On the positive side, I am getting better with a cup!  I can drink out of most cups with a smaller circumference with intense concentration.  I’m going to try sipping a soup from a cup today to see if I can throw out my syringes.  I can’t imagine eating from a syringe at work, so if I can get nutrition without a syringe I’ll feel one step closer to humanity!

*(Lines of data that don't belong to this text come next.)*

(* Let $I$ be a commutative monoid and let $K(I)$ be its Grothendieck group. Then the Burnside ring $\mathrm{A}(I)$ of $I$ is isomorphic (as a ring) to the usual Burnside ring $\mathrm{A}(K(I))$ of the group $K(I)$.
   Context: Let $I$ be a monoid with operation $\otimes$ and identity $1$. For a set $X$, $\mathrm{End}_l(X)$ denotes self-maps written on the left with product $f\circ g$ ($g$ first); $\mathrm{End}_r(X)$ denotes self-maps written on the right, $x\mapsto(x)f$, with $(x)(fg)=((x)f)g$. An $I$-set is a set $X$ with a pair $\xi=(\xi_l,\xi_r)$ of monoid homomorphisms $\xi_l:I\to\mathrm{End}_l(X)$, $\xi_r:I\to\mathrm{End}_r(X)$ with $(\xi_l(i)(x))\xi_r(j)=\xi_l(i)((x)\xi_r(j))$; $f:(X,\xi)\to(Y,\eta)$ is $I$-equivariant if $(f(\xi_l(i)(x)))\eta_r(i)=\eta_l(i)(f((x)\xi_r(i)))$ for all $i,x$. An $I$-set is invertible on one side if either $\xi_l(i)$ is bijective for all $i$ or $\xi_r(i)$ is bijective for all $i$; $\mathrm{bAct}(I)$ is the category of finite $I$-sets that are products (componentwise action) of $I$-sets invertible on one side, with $I$-equivariant maps. For an $I$-set $(A,\alpha)$: $\mathrm{Map}^l_I(A)$ is the set of $f:I\to A$ with $(f(j))\alpha_r(i)=\alpha_l(i)(f(j\otimes i))$ for all $i,j$, with action $\theta_l(k)=\mathrm{id}$, $((f)\theta_r(k))(j)=f(k\otimes j)$; $\mathrm{Map}^r_I(A)$ is the set of $f:I\to A$ with $(f(i\otimes j))\alpha_r(i)=\alpha_l(i)(f(j))$ for all $i,j$, with action $(\vartheta_l(k)(f))(i)=f(i\otimes k)$, $\vartheta_r(k)=\mathrm{id}$; both are functors via $u\mapsto(h\mapsto u\circ h)$, and $\mathrm{Inv}=\mathrm{Map}^l_I\circ\mathrm{Map}^r_I$. A morphism $f$ of $\mathrm{bAct}(I)$ is a weak equivalence if $\mathrm{Inv}(f)$ is a bijection. Let $\mathrm{Ho}(\mathrm{bAct}(I))$ be the localization of $\mathrm{bAct}(I)$ at the weak equivalences. The isomorphism classes of objects of $\mathrm{Ho}(\mathrm{bAct}(I))$ form a semiring under disjoint union (addition) and cartesian product with componentwise action (multiplication); the Burnside ring $\mathrm{A}(I)$ is the Grothendieck ring of this semiring. For a group $G$, $\mathrm{A}(G)$ is the usual Burnside ring, the Grothendieck ring of isomorphism classes of finite $G$-sets under disjoint union and product.
   Formalization: The objects of bAct(I) are the finite I-sets built, up to isomorphism, from I-sets invertible on one side by taking products and also disjoint unions, not by products alone. Apart from conventions, each condition added here is assumed in the paper as well or is needed for the statement above to hold. *)

From HB Require Import structures.
From mathcomp Require Import all_boot.
From Stdlib Require Import Relations.

Set Implicit Arguments.
Unset Strict Implicit.
Unset Printing Implicit Defensive.

Record bs_monoid := BsMonoid {
  mT : Type;
  mop : mT -> mT -> mT;
  mone : mT;
  mopA : forall a b c, mop a (mop b c) = mop (mop a b) c;
  mop1m : forall a, mop mone a = a;
  mopm1 : forall a, mop a mone = a }.

Definition bs_commutative (I : bs_monoid) := forall a b : mT I, mop a b = mop b a.

(* I-sets (raw data: left action l i = xi_l(i), right action          *)
(*  r i x = (x) xi_r(i))                                              *)

Definition is_iset (I : bs_monoid) (X : Type) (l r : mT I -> X -> X) : Prop :=
  [/\ (forall x, l (mone I) x = x),
      (forall i j x, l (mop i j) x = l i (l j x)),
      (forall x, r (mone I) x = x),
      (forall i j x, r (mop i j) x = r j (r i x))
    & (forall i j x, r j (l i x) = l i (r j x))].

Definition iequivariant (I : bs_monoid) (X Y : Type)
  (lX rX : mT I -> X -> X) (lY rY : mT I -> Y -> Y) (f : X -> Y) : Prop :=
  forall (i : mT I) (x : X), rY i (f (lX i x)) = lY i (f (rX i x)).

Definition MapR_pred (I : bs_monoid) (A : Type) (l r : mT I -> A -> A)
  (f : mT I -> A) : Prop :=
  forall i j, r i (f (mop i j)) = l i (f j).

Definition MapL_pred (I : bs_monoid) (B : Type) (l r : mT I -> B -> B)
  (f : mT I -> B) : Prop :=
  forall i j, r i (f j) = l i (f (mop j i)).

(* the action of Map^r_I(A), defined on the ambient set I -> A *)
Definition varthetaL (I : bs_monoid) (A : Type) (k : mT I) (f : mT I -> A)
  : mT I -> A := fun i => f (mop i k).
Definition varthetaR (I : bs_monoid) (A : Type) (k : mT I) (f : mT I -> A)
  : mT I -> A := f.

(* Inv(A) = Map^l_I(Map^r_I(A)), as a subset of I -> (I -> A) *)
Definition Inv_pred (I : bs_monoid) (A : Type) (l r : mT I -> A -> A)
  (F : mT I -> mT I -> A) : Prop :=
  (forall j, MapR_pred l r (F j)) /\
  MapL_pred (@varthetaL I A) (@varthetaR I A) F.
Lemma orbital_step_down w wi s t T : inverse_of w wi -> strict_increasing w ->
  orbital w s t -> s < T < t ->
  exists T', T < T' <= t /\
    forall y, T <= y < T' -> exists z, s < z < T /\ (w y = z \/ w z = y).
Proof.
  intros [wiw wwi] Hw Ho HT.
  pose proof (orbital_fix_l w s t Ho) as Ws.
  assert (Hwi := strict_increasing_inverse w wi (conj wiw wwi) Hw).
  pose proof (Rmin_r (wi T) t). pose proof (Rmin_r (w T) t).
  destruct (Rtotal_order (w T) T) as [Hlt | [Heq | Hgt]].
  - assert (T < wi T) by (apply (strict_increasing_lt_rev w Hw); now rewrite wwi).
    exists (Rmin (wi T) t). split; [split; [apply Rmin_glb_lt | ]; lra |].
    intros y Hy. pose proof (Rmin_l (wi T) t).
    exists (w y). split; [split | now left].
    + rewrite <- Ws. apply Hw. lra.
    + rewrite <- (wwi T). apply Hw. lra.
  - exfalso. exact (orbital_moves w s t Ho T HT Heq).
  - exists (Rmin (w T) t). split; [split; [apply Rmin_glb_lt | ]; lra |].
    intros y Hy. pose proof (Rmin_l (w T) t).
    exists (wi y). split; [split | right; apply wwi].
    + rewrite <- (wiw s), Ws. apply Hwi. lra.
    + rewrite <- (wiw T). apply Hwi. lra.
Qed.

(** * Affine germs and rigidity *)

(* The local form of piecewise linearity that survives inversion and
   composition without any bookkeeping of breakpoints. *)
Definition affine_right_germ (f : R -> R) (x : R) : Prop :=
  exists e m q, 0 < e /\ 0 < m /\ forall y, x <= y <= x + e -> f y = m * y + q.

Definition pl_homeo (f g : R -> R) : Prop :=
  inverse_of f g /\ strict_increasing f /\ forall x, affine_right_germ f x.

Lemma affine_right_germ_intro f x : strict_increasing f ->
  (exists e m q, 0 < e /\ forall y, x <= y <= x + e -> f y = m * y + q) ->
  affine_right_germ f x.
Proof.
  intros Hf (e & m & q & He & Hy). exists e, m, q. split; [exact He | split; [| exact Hy]].
  assert (Hinc := Hf x (x + e) ltac:(lra)).
  rewrite (Hy x), (Hy (x + e)) in Hinc by lra. nra.
Qed.

Lemma pl_homeo_inv f g : pl_homeo f g -> pl_homeo g f.
Proof.
  intros ([gf fg] & Hf & Hgerm). assert (Hg := strict_increasing_inverse f g (conj gf fg) Hf).
  split; [split; assumption | split; [exact Hg |]].
  intros y. destruct (Hgerm (g y)) as (e & m & q & He & Hm & Hlin).
  assert (Hy : y = m * g y + q) by (rewrite <- Hlin by lra; symmetry; apply fg).
  exists (m * e), (/ m), (- q / m). split; [nra | split; [now apply Rinv_0_lt_compat |]].
  intros z Hz.
  assert (Hgz : g y <= g z <= g y + e).
  { split; [apply (strict_increasing_le g Hg); lra |].
    apply (strict_increasing_le_rev f Hf). rewrite fg, Hlin by lra. nra. }
  rewrite <- (fg z) at 2. rewrite (Hlin (g z) Hgz). field. lra.
Qed.
Lemma tenshJ2_rshift a b c d (f : homJ a b) (g : homJ c d) v :
  (tenshJ f g).2 (rshift _ v) = omap (@rshift b.2 d.2) (g.2 v).
Proof. by rewrite ffunE split_rshift. Qed.

Lemma cmorJ_uniq k l (y t : @cobj JCat k l) f f' :
  cvalid t -> cmor f -> @cmor JCat k l y t f' -> f = f'.
Proof.
case: y t f f' => [m c] [n b] f f' vt [_ E] [_ E']; rewrite /= in E E' vt.
have /validJP [inj_b1 inj_b2 _ _ _] := vt; rewrite -E' in E.
apply: homJ_ext; apply/ffunP => v.
- move: (congr1 (fun h : homJ (tensJ k m) l => h.1.1 (rshift k.1 v)) E).
  by rewrite /= !ffunE !split_rshift => /inj_b1 /rshift_inj.
- move: (congr1 (fun h : homJ (tensJ k m) l => h.1.2 (rshift k.2 v)) E).
  by rewrite /= !ffunE !split_rshift => /inj_b2 /rshift_inj.
- move: (congr1 (fun h : homJ (tensJ k m) l => h.2 (b.1.1 (rshift k.1 v))) E).
  rewrite !compJ2_on_image // !tenshJ2_rshift.
  by case: (f.2 v) => [w|]; case: (f'.2 v) => [w'|] //= [/inj_b2 /rshift_inj ->].
Qed.

Section TerminalJ.
Variables (k l : nat * nat) (r1 : homI k.1 l.1) (r2 : homI k.2 l.2)
  (g1 : 'I_(l.1 - k.1) -> 'I_l.1) (g2 : 'I_(l.2 - k.2) -> 'I_l.2).
Hypotheses (inj_r1 : injective r1) (inj_r2 : injective r2)
  (inj_g1 : injective g1) (inj_g2 : injective g2)
  (codom_g1 : forall y, (y \in codom g1) = (y \notin codom r1))
  (codom_g2 : forall y, (y \in codom g2) = (y \notin codom r2)).

Definition termJ : @cobj JCat k l :=
  existT _ (l.1 - k.1, l.2 - k.2) (copair r1 g1, copair r2 g2, [ffun _ => None]).

Lemma restrJ_termJ :
  restrI (projT2 termJ).1.1 = r1 /\ restrI (projT2 termJ).1.2 = r2.
Proof. by split; apply/ffunP => u; rewrite [LHS]ffunE copair_lshift. Qed.

Lemma termJ_valid : cvalid termJ.
Proof.
apply/validJP; split=> /=; try exact: copair_inj.
- by move=> x; rewrite ffunE eqxx copair_onto.
- by move=> x y; rewrite ffunE.
split=> [x x' | y]; first by rewrite ffunE.
by rewrite copair_onto.
Qed.

Section FactorJ.
Variables (m : nat * nat) (c : homJ (tensJ k m) l)
  (F1 : 'I_m.1 -> 'I_(l.1 - k.1)) (F2 : 'I_m.2 -> 'I_(l.2 - k.2)).
Hypotheses (vc : validJ c) (restr_c1 : restrI c.1.1 = r1) (restr_c2 : restrI c.1.2 = r2)
  (F1E : forall v, g1 (F1 v) = c.1.1 (rshift k.1 v))
  (F2E : forall v, g2 (F2 v) = c.1.2 (rshift k.2 v)).

(* c's bijection part, transported along g1 and g2. *)
Definition tauJ : {ffun 'I_(l.1 - k.1) -> option 'I_(l.2 - k.2)} :=
  [ffun w => if c.2 (g1 w) is Some z then [pick w' | g2 w' == z] else None].

Definition factorJ : homJ m (l.1 - k.1, l.2 - k.2) := ([ffun v => F1 v], [ffun v => F2 v], tauJ).

Let codom_F1 w : (g1 w \in codom c.1.1) = (w \in codom F1).
Proof. by apply: (codom_factor (c := c.1.1) inj_g1 _ F1E); rewrite restr_c1. Qed.

Let codom_F2 w : (g2 w \in codom c.1.2) = (w \in codom F2).
Proof. by apply: (codom_factor (c := c.1.2) inj_g2 _ F2E); rewrite restr_c2. Qed.

Lemma tauJE w : omap g2 (tauJ w) = c.2 (g1 w).
Proof.
have /validJP [_ _ _ c4 _] := vc; rewrite ffunE.
case E: (c.2 (g1 w)) => [z|] //=; case: pickP => [w' /eqP <- // | none].
have /(complement_preim codom_g2) [w' Ew'] : z \notin codom r2.
  by apply: contra (c4 _ _ E); rewrite -restr_c2; apply: codom_restrI.
by move: (none w'); rewrite Ew' eqxx.
Qed.

Lemma factorJ_valid : validJ factorJ.
Proof.
have /validJP [inj_c1 inj_c2 c3 c4 [c5 c6]] := vc.
apply/validJP; split=> /=; rewrite ?(eq_codom (ffunE _)).
- by move=> v v'; rewrite !ffunE => /(congr1 g1); rewrite !F1E => /inj_c1 /rshift_inj.
- by move=> v v'; rewrite !ffunE => /(congr1 g2); rewrite !F2E => /inj_c2 /rshift_inj.
- by move=> w; rewrite -codom_F1 -c3 -tauJE; case: (tauJ w).
- move=> w y Ew; rewrite -codom_F2; apply: c4 (g1 w) _ _.
  by rewrite -tauJE Ew.
split=> [w w' Eww' | y].
  have E : c.2 (g1 w) = c.2 (g1 w') by rewrite -!tauJE Eww'.
  move=> N; apply: inj_g1; apply: c5 E _.
  by rewrite -tauJE; case: (tauJ w) N.
rewrite -codom_F2 => /c6 [x Ex].
have /codomP [w xE] : x \in codom g1.
  rewrite codom_g1 -restr_c1; apply: contra (codom_restrI (c := c.1.1) (y := x)) _.
  by rewrite -c3 Ex.
by exists w; move: (tauJE w); rewrite -xE Ex; case: (tauJ w) => //= y' [/inj_g2 ->].
Qed.

Lemma factorJ_comm : compJ (projT2 termJ) (tenshJ (idJ k) factorJ) = c.
Proof.
have /validJP [_ _ c3 _ _] := vc.
apply: homJ_ext.
- by rewrite /= -restr_c1; apply: compI_copair_tensI.
- by rewrite /= -restr_c2; apply: compI_copair_tensI.
apply/ffunP => x; have /codomP [j ->] := copair_onto codom_g1 x.
rewrite compJ2_on_image; last exact: termJ_valid.
case: (split_ordP j) => u ->.
  rewrite tenshJ2_lshift [(idJ k).2 _]ffunE copair_lshift -restr_c1 ffunE.
  by apply/esym/eqP; rewrite c3 codom_f.
rewrite tenshJ2_rshift copair_rshift -tauJE.
by case: (tauJ u) => //= w; rewrite copair_rshift.
Qed.

End FactorJ.

Lemma termJ_factor (y : @cobj JCat k l) :
  cvalid y -> restrI (projT2 y).1.1 = r1 -> restrI (projT2 y).1.2 = r2 ->
  exists f, @cmor JCat k l y termJ f.
Proof.
case: y => m c vc /= restr_c1 restr_c2; have /validJP [inj_c1 inj_c2 _ _ _] := vc.
have codom_gc1 y : (y \in codom g1) = (y \notin codom (restrI c.1.1)) by rewrite restr_c1.
have codom_gc2 y : (y \in codom g2) = (y \notin codom (restrI c.1.2)) by rewrite restr_c2.
have [F1 F1E] := factor_through_complement inj_c1 codom_gc1.
have [F2 F2E] := factor_through_complement inj_c2 codom_gc2.
by exists (factorJ c F1 F2); split; [apply: factorJ_valid | apply: factorJ_comm].
Qed.

End TerminalJ.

Day 12. You can see how crooked my
nose looks from the swelling!

Saturday, January 24, 2015

Day 11

I tried to do a real smile, but both
husband and sister told me I looked
scary!
On a positive note, I noticed that when I bite my teeth together BOTH the right AND left upper AND lower molars ALL Touch! ... At The Same Time!!! Isn't that amazing?  Imagine the kinds of foods a person could eat if their teeth actually fit together?  It certainly gives me something to look forward to after all the pain & swelling (finally) go away and the bones heal up!

Friday, January 23, 2015

Day 10: Almost a Smile

I decided not to let today get the best of me so I woke up, showered, put some mascara on, and did not put my hair in a ponytail.  Tom and I were going to try to see a movie (figured it would be a relaxed outing), but we missed the movie showing so we just walked around the bookstore a bit. I still tired more quickly than I hoped for, but it was nice to get outside of the house.

almost a smile!
It is so bizarre to have lost proprioception and sensation in my lips.  They feel like they are ice-cold all the time, when really it is just numbness.  I've been working on my face exercises and have found that if I slow down and focus on my lips I can enunciate a little better. And along with slightly improved speech, I was working in the mirror and found that I could almost smile.  The left side of my face is still rather swollen though which makes most of my facial expressions odd and...lumpy? Regardless of the proper adjective I'm afraid that I may still scare the kids at work...

Status Update:
Pain: 6/10 (trying to take as little narcotics as possible)
Nausea: gone!
Drooling: improving with muscle control
Eating: still just through syringes and with small sips from dixie cups
Fatigue: High
 

Thursday, January 22, 2015

Day 9

Today was another rough one, I didn't see much progress and I just felt exhausted all day.  My jaw really, really aches. Just a constant, gnawing ache that isn't relieved with warmed up facecloths or cold ice packs. Looking down to work on my puzzle or read just increases the pressure in my face and makes it all the worse. Tom also seemed to have more trouble understanding me today, maybe I was mumbling more from the effort? But because of all this, I called work today and told them that I would not be ready to return at my exact 2 week date of this coming Tuesday, but that I will still shoot for the end of next week.  They knew this was a possibility, but I still feel like I let them down. I know it is silly in that I can't control how quickly I heal, but never the less I know that they will now need to scramble to cover my patient load and I hate inconveniencing others.

One bright spot in my day was my sweet husband who spent time with me and made me an amazing peanut butter ice cream milkshake (with some protein powder thrown in) for lots of calories!